Integrated teaching of anatomy correlating with clinical anatomy with the help of plastinated specimens. Nimmagadda, Haritha kumari*¹, Tyagi Kavita¹, Mathur Brij Kishore².¹Department of Anatomy,  ²Department of Radiology, Mahatma Gandhi Mission’s Medical College, Mumbai, India.

Anatomy subject is taught for all medical health science courses.. Gross Anatomy is a fundamental basic course in virtually all medical training programs, and the methods used to teach it are under frequent scrutiny and revision. Students often struggle with the vast collection of new terms and complex relationship between structures they must learn. Teaching Anatomy in various modalities has been a topic of discussion since very long period. Dissection has been the main focus in the anatomy curriculum requiring a constant flow of cadavers to be available to various courses. Since body donation is not uniform, the lack of cadavers for the dissection in many institutions is making anatomists rely on plastination.

Method: Plastination is a method where once dissected specimen can be preserved in a plastic form which will be dry, odorless, life-like, non-hazardous, maintenance free and do not deteriorate with time and even can be re-dissected if required. This technique consists of four main important steps, 1. Fixation, 2. Dehydration, 3. Forced impregnation and 4.Hardening. Fixation can be done by almost all conventional fixatives. Dehydration is achieved mainly by acetone because acetone also serves as the intermediary solvent during impregnation. Forced impregnation is the central step in plastination: vacuum forces the acetone out of and the polymer into the specimen. Finally the impregnated specimen is hardened by exposing it to a gaseous hardener.There are currently three methods of plastination which are followed frequently such as, whole organ plastination, sheet plastination and luminal cast plastination.

Results: We conducted a study to evaluate the use of plastinates for teaching anatomy in the perspective of teachers and students. The observations and results of our study had shown that with the help of these plastinated specimens, the anatomy of every organ can be well shown and easily understood. The observations and results of our study will be reviewed in detail along with problems faced by medical colleges. Problem based learning is becoming an important tool in medical education. Plastination technique applied to, normal and abnormal structures of the system can be well-reviewed. making it an excellent technique in medical institutes for better understanding of anatomy.

Does sucrose prevent shrinkage in silicone brain plastination? Parsai, Shireen and Baptista, Carlos A.C.
University of Toledo, College of Medicine, Department of Neurosciences, Toledo, Ohio, USA

Sucrose has been advocated for use in plastination of brain tissue. Several researchers utilize sucrose in many different concentrations as a means of protection of the brain tissue against cold silicone impregnation. The purpose of this study was to determine whether sucrose treatment is an effective means of preventing shrinkage in the silicone plastination technique of brain tissue. Additionally, in order to design methods to decrease shrinkage the following questions were tested: (1) Which plastination step results in the greatest shrinkage? (2) Does impregnation length contribute to shrinkage.

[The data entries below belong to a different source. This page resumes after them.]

(* Let $m,n$ be positive integers and let $(A,\boldsymbol{\gamma})\in\left([0,1)^{m\times n}\times[0,1)^m\right)\setminus\mathbf{Bad}(m,n)$. Then, in the metric space $(\mathcal{C},d)$: (i) $\mathcal{C}(A,\boldsymbol{\gamma})$ is a $G_\delta$ set and is dense in $\mathcal{C}$; (ii) $\mathcal{C}(A,\boldsymbol{\gamma})$ is not an $F_\sigma$ set in $\mathcal{C}$.
   Context: $[0,1)^{m\times n}$ is the set of real $m\times n$ matrices with entries in $[0,1)$. For $\boldsymbol{x}\in\mathbb{R}^n$, $\|\boldsymbol{x}\|=\max_i|x_i|$; for $\boldsymbol{y}\in\mathbb{R}^m$, $\langle\boldsymbol{y}\rangle=\min_{\boldsymbol{p}\in\mathbb{Z}^m}\|\boldsymbol{y}-\boldsymbol{p}\|$. ''Decreasing'' means non-increasing. $\mathcal{C}$ is the set of decreasing $\psi:\mathbb{N}\to[0,\infty)$ with $\sum_{q\ge1}q^{n-1}\psi(q)^m<\infty$, equipped with the metric $d(\psi_1,\psi_2)=\sum_{q\ge1}q^{n-1}|\psi_1(q)^m-\psi_2(q)^m|$. $\mathcal{C}(A,\boldsymbol{\gamma})=\{\psi\in\mathcal{C}:\langle A\boldsymbol{q}-\boldsymbol{\gamma}\rangle<\psi(\|\boldsymbol{q}\|)\text{ for infinitely many }\boldsymbol{q}\in\mathbb{Z}^n\}$. $\mathbf{Bad}(m,n)=\{(A,\boldsymbol{\gamma}):\liminf_{\boldsymbol{q}\in\mathbb{Z}^n,\|\boldsymbol{q}\|\to\infty}\|\boldsymbol{q}\|^n\langle A\boldsymbol{q}-\boldsymbol{\gamma}\rangle^m>0\}$. *)

From Stdlib Require Import Reals Lra Lia ZArith List.
From Coquelicot Require Import Coquelicot.
Import ListNotations.
Open Scope R_scope.

(* Vectors of Z^n are lists of integers of length n; matrices A in R^{m x n}
   and vectors gamma in R^m are given as functions on indices, only the
   entries i < m, j < n being relevant. *)

Definition normZ (q : list Z) : nat :=
  Z.to_nat (fold_right Z.max 0%Z (map Z.abs q)).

Methods: Four brain samples were used to create 48 specimens. These were first divided into four groups according to concentration of sucrose: control, 4%, 6%, and 10%. Then each group was further divided according to impregnation length: 3 weeks, 4 weeks, and 5 weeks. The surface area of each specimen was measured after each step of plastination using image analysis software.

Results: Statistical analysis was conducted to determine correlation between fixation time, concentration of sucrose, impregnation length, plastination step, and shrinkage of tissue. No statistical significance was found among the variables. It was found that the impregnation step resulted in the greatest shrinkage. The specimen treated with 6% sucrose with an impregnation length of 5 weeks resulted in the least shrinkage during the dehydration and impregnation steps. However, the specimen treated with 10% sucrose with an impregnation length of 5 weeks resulted in the least shrinkage during the curing step. This data represents preliminary results.

Conclusion: The interpretation of our experiment results was challenging due to the large number of variables tested. Because the results were deemed inconclusive regarding the effect of sucrose in the shrinkage of the brain tissue, an experiment with more controlled variables is being performed.

 Improved science education with exhibition of plastinated specimens for teachers and students of public high schools of Niterói, Rio de Janeiro, Brazil. Pereira-Sampaio, Marco A¹*; Chagas, Maurício A¹; Holanda, Eloísa CO¹; Bastos, Ana L¹, Babinski, Márcio A¹; Henry, Robert W².¹Department of Morphology, Fluminense Federal University, Niterói, RJ, Brazil and ²Department of Comparative Medicine, University of Tennessee, Knoxville, TN, USA.

Test scores of the 2007 ENEM (Exame Nacional do Ensino Médio, the exam necessary to select students entering Brazilian universities) of students of public high school were significantly lower than those scores of students of private high school of Niterói, Rio de Janeiro. A  difference of 17.27 points between scores of students from private and public schools shows that public high schools of Niteroi requires focal  attention. Plastinated specimens were used as an exhibition to enhance science exposure to students of public high schools and  training.  The teachers could increase learning and therefore increase performance of students of public high schools. The aim of this work was to improve the science education in Niterói public high schools.

Methods: All plastinated specimens used in the exhibitions were produced in the Plastination Laboratory of the Department of Comparative Medicine, University of Tennessee, Knoxville, USA. The exhibitions took place on Saturdays in the Anatomy Laboratory of the Department of Morphology of Fluminense Federal University. Teachers of public high schools attended training for teaching anatomy and physiology, used plastinated animal specimens. Students participated in demonstrations by their teachers, where topics of anatomy and physiology were addressed. Both teachers and students had the opportunity to handle the plastinated specimens during the exhibits.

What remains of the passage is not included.